Multiple Linear Regression (Actual Vs Predicted)

#1
Hi forum,
I am new to statistics and R in general so please bear with me if I am not clear enough. So I am generating a 3 level full factorial design with 4 variables (P, P1, P4, INJ), and three responses (qo, qw, qg) which I am using in order to run a multiple linear regression on in R. I have attached the excel file.

Code:
# Attach file containing vartiables and responses
a<-read.csv("C:/Users/B/Desktop/Three Level FF with Responses.xls")
attach(a)
# Run a linear regression
model<-lm(qo~P+P1+P4+INJ)
# Summary of linear regression results
summary(model)
My question is how do I go about plotting my predicted values against my actual values? I would like to do this in order to see how good of a fit my regression is.
 
#3
Not to be meddlesome, but I noticed that your data is not orthogonally coded, which would be required for the lm() function to provide independent estimates of the effects (unless this is just an example).

Also, try "model$fitted.values" if you're specifically interested in the predicted values.
 
#5
Not to be meddlesome, but I noticed that your data is not orthogonally coded, which would be required for the lm() function to provide independent estimates of the effects (unless this is just an example).

Also, try "model$fitted.values" if you're specifically interested in the predicted values.
Sorry dont understand what orthogonally coded mean. Running "model$fitted.values" generated a table of values which i presume are predicted values that R generates? Question is how does R generate these values? What calculation does R use to generate them?
 

hlsmith

Less is more. Stay pure. Stay poor.
#6
R or any program uses a linear combination of your independent variables and their model generated coefficients.
 
#8
The model you're specifying in the lm() function is

\(qo = \beta_0 + \beta_1P + \beta_2P1 + \beta_2P4 + \beta_3INJ\)

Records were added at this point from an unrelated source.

Lemma nerve_vertex_links T S k :
    k \in S -> k \notin T ->
  vertex_link (inl k) (nerve T S) :&: vertex_link (inr k) (nerve T S) =
  nerve (k |: T) (S :\ k).
Proof.
move=> kS kT; apply/setP => G; rewrite inE; apply/andP/nerveP.
  case=> /setIdP[/nerveP[GS _] /andP[lG /nerveP[_ lGr]]] /setIdP[_ /andP[rG /nerveP[_ rGr]]].
  split; last exact: realizable_hyperplane lGr rGr.
  apply/subsetP => a aG; rewrite in_verts_setD1 (subsetP GS _ aG) andbT.
  by apply/eqP => ak; case: a ak aG => i /= -> ?; [case/negP: lG | case/negP: rG].
case=> GSk rG; have GS : G \subset verts S.
  by apply: subset_trans GSk _; apply/subsetP => a; rewrite in_verts_setD1 => /andP[].
have [lGr rGr] := realizable_sides kT rG.
have kG b : vindex b = k -> b \notin G.
  by move=> bk; apply: contra (subsetP GSk b) _; rewrite in_verts_setD1 bk eqxx.
have kGS b : vindex b = k -> b |: G \subset verts S.
  by move=> bk; rewrite subUset sub1set in_verts bk kS GS.
have GN : G \in nerve T S.
  by apply/nerveP; split=> //; case: lGr => x /(realizes_subset (subsetU1 _ _)); exists x.
have in_link b : vindex b = k -> realizable T (b |: G) -> G \in vertex_link b (nerve T S).
  by move=> bk bGr; rewrite inE GN kG //=; apply/nerveP; split=> //; apply: kGS.
by split; apply: in_link.
Qed.

Theorem nerve_collapsible_or_meet T S :
    [disjoint T & S] ->
  collapsible (nerve T S) \/ exists p, X p /\ hyp_inter w h (T :|: S) p.
Proof.
have [m] := ubnP #|S|; elim: m T S => // m IH T S ltSm TS.
have [->|[k kS]] := set_0Vmem S.
  have [[x [Xx xT]]|no_meet] := pselect (exists x, X x /\ hyp_inter w h T x).
    by right; exists x; rewrite setU0.
  left; suff -> : nerve T set0 = set0 by constructor.
  apply/setP => G; rewrite in_set0; apply/negbTE/negP => /nerveP[_ [x [Xx xT _]]].
  by apply: no_meet; exists x.
have kT : k \notin T by rewrite (disjointFl TS kS).
have [||coll|[p [Xp pS]]] := IH (k |: T) (S :\ k).
- by rewrite (cardsD1 k S) kS in ltSm.
- rewrite disjoints_subset subUset sub1set !inE eqxx /=.
  by apply: subset_trans (_ : T \subset ~: S) _; rewrite ?setCS ?subD1set -?disjoints_subset.
- left; apply: (@collapsible_of_vertex_links _ (inl k) (inr k)).
  + exact: nerve_down_closed.
  + by [].
  + by move=> G; apply: nerve_pair_free.
  + by move=> G; apply: nerve_extend.
  + by rewrite nerve_vertex_links.
- by right; exists p; rewrite -setUA setUCA (setD1K kS) in pS.
Qed.

Lemma nerve_full T S :
    [disjoint T & S] -> (exists p, X p /\ hyp_inter w h (T :|: S) p) ->
  nerve T S = polar_full S.
Proof.
move=> TS [p [Xp pTS]]; apply/setP => G; rewrite [in RHS]inE.
apply/nerveP/andP => [[GS [x rx]]|[GS /forallP pair_free]].
  by split=> //; apply/forallP => i; apply: realizes_pair_free rx.
split=> //; apply: (@realizable_push T (T :|: S) G p) => //; first exact: subsetUl.
move=> a /(subsetP GS); rewrite in_verts => aS; right.
by rewrite in_setD in_setU aS orbT (disjointFl TS aS).
Qed.

End Domain.

Definition inter_halfspaces (X : 'rV[R]_d -> Prop) F x := X x /\ forall a, a \in F -> 0 < aff a x.

Lemma stable_in_sub (X Y : 'rV[R]_d -> Prop) :
  (forall x, Y x -> X x) -> stable_in X -> stable_in Y.
Proof. by move=> YX stableX T [x [/YX Xx xT]]; apply: stableX; exists x. Qed.

Lemma line_open_inter_halfspaces X F : line_open X -> line_open (inter_halfspaces X F).
Proof.
move=> lineX x v [Xx Fx]; apply: near0p_and (lineX x v Xx) (near0p_forall _) => a aF.
by apply: near0pW (near0p_gt0_affine (dotp (normal a) v) (Fx a aF)) => t _; rewrite aff_line.
Qed.

Lemma convex_inter_halfspaces X F : is_convex X -> is_convex (inter_halfspaces X F).
Proof.
move=> convX x y [Xx Fx] [Xy Fy] t t_ge0 t_le1; split; first exact: convX.
by move=> a aF; rewrite aff_convex; have := Fx a aF; have := Fy a aF; nra.
Qed.

Lemma in_Sigma_inl i sigma : (inl i \in Sigma sigma) = (i \in sigma).
Proof. by rewrite inE (mem_imset _ _ inl_inj); case: imsetP => [[j _]|]; rewrite ?orbF. Qed.

Lemma in_Sigma_inr i sigma : (inr i \in Sigma sigma) = (i \notin sigma).
Proof. by rewrite inE (mem_imset _ _ inr_inj) inE; case: imsetP => [[j _]|]. Qed.

Section Code.
Variables (X : 'rV[R]_d -> Prop) (C : {set {set 'I_n}}).
Hypotheses (stableX : stable_in X) (lineX : line_open X) (codeC : is_code_of w h X C).

(* A point of the atom [A_sigma] may lie on some [H_j] with [j \notin sigma];
   it is pushed to their negative sides. *)
Lemma polar_realizable G : G \in polar C <-> realizable X set0 G.
Proof.
rewrite inE; split=> [/exists_inP[sigma sigmaC GSigma]|[x [Xx _ Gx]]].
  have [x [Xx [sigma_pos sigma_neg]]] := (codeC sigma).1 sigmaC.
  apply: (realizable_push stableX lineX (U := [set i | aff (inl i) x == 0]) (p := x)).
  - exact: sub0set.
  - done.
  - by move=> i; rewrite inE => /eqP.
  - move=> i _; apply/negP => /andP[/(subsetP GSigma) + /(subsetP GSigma)].
    by rewrite in_Sigma_inl in_Sigma_inr => ->.
  - case=> i /(subsetP GSigma); first by rewrite in_Sigma_inl => /sigma_pos; left.
    rewrite in_Sigma_inr => /sigma_neg/negP; rewrite /in_pos -/(aff (inl i) x) -leNgt => nonpos.
    have [zero|neq0] := eqVneq (aff (inl i) x) 0; first by right; rewrite /= !inE; apply/eqP.
    by left; rewrite aff_inr oppr_gt0 lt_neqAle neq0.
pose sigma := [set i | 0 < aff (inl i) x].
apply/exists_inP; exists sigma.
  by apply/(codeC sigma); exists x; split=> //; split=> i; rewrite inE => // /negP.
apply/subsetP; case=> i /Gx; rewrite ?in_Sigma_inl ?in_Sigma_inr inE //.
by rewrite aff_inr; lra.
Qed.

Lemma link_polar_nerve F :
  link F (polar C) = nerve (inter_halfspaces X F) set0 (~: supp F).
Proof.
apply/setP => nu; apply/idP/nerveP.
  case/setIdP=> _ /andP[nuF /polar_realizable[x rx]]; have [Xx _ nuFx] := rx.
  have xF : inter_halfspaces X F x by split=> // a aF; apply: nuFx; rewrite inE aF orbT.
  split; last by exists x; split=> // [i|a anu]; [rewrite inE | apply: nuFx; rewrite inE anu].
  apply/subsetP => a anu; rewrite in_verts !inE negb_or.
  have aF : a \notin F by rewrite (disjointFr nuF anu).
  have := realizes_pair_free (vindex a) rx.
  by case: a anu aF => i anu aF /=; rewrite !inE anu aF ?orbT ?andbT /= => /norP[].
case=> nuS [x [[Xx Fx] _ nux]].
have nuF : [disjoint nu & F].
  rewrite disjoints_subset; apply/subsetP => a /(subsetP nuS).
  by rewrite in_verts !inE negb_or; case: a => i /= /andP[].
have nuFx : realizable X set0 (nu :|: F).
  by exists x; split=> // [i|a /setUP[/nux|/Fx]]; rewrite ?inE.
rewrite inE nuF; apply/andP; split; apply/polar_realizable => //.
by case: nuFx => y /(realizes_subset (subsetUl _ _)); exists y.
Qed.

End Code.
End Arrangement.

Theorem theoremB (R : realType) (n : nat) (C : {set {set 'I_n}}) :
  stable_hyperplane_code R C ->
  ~ (exists F : {set ('I_n + 'I_n)%type},
       nonmaximal_face (polar C) F /\
       ~ collapsible (link F (polar C)) /\
       link F (polar C) <> polar_full (~: supp F)).
Proof.
(* The dichotomy holds for every face [F], maximal or not. *)
move=> [d [w [h [X [[_ [openX [convX stableX]]] codeC]]]]] [F [_ [not_coll not_full]]].
have lineX := open_line_open openX.
have stableXF : stable_in w h (inter_halfspaces w h X F).
  by apply: stable_in_sub stableX => x [].
have lineXF : line_open (inter_halfspaces w h X F) := line_open_inter_halfspaces lineX.
have convXF : is_convex (inter_halfspaces w h X F) := convex_inter_halfspaces convX.
rewrite (link_polar_nerve stableX lineX codeC) in not_coll not_full.
have disj : [disjoint set0 & ~: supp F] by rewrite disjoints_subset sub0set.
have [//|meet] := nerve_collapsible_or_meet stableXF lineXF convXF disj.
exact: not_full (nerve_full stableXF lineXF disj meet).
Qed.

What lm() does is estimate the \(\beta\)s so that you can predict your outcomes using the model equation. The fitted values provided by R are obtained by solving for qo in each row of your original dataset.

Usually model fits are evaluated by plotting the residuals (the predicted values - the actual values) vs. each of the independent variables, which is what plot(model) provides. In that case, a random scatter with no patterns, centered around y = 0, would indicate an adequate fit.

You can also plot the predicted values vs. each of the independent variables, though this would be more for the purpose of visualizing the association between your independent variable and the response, when all other variables are constant.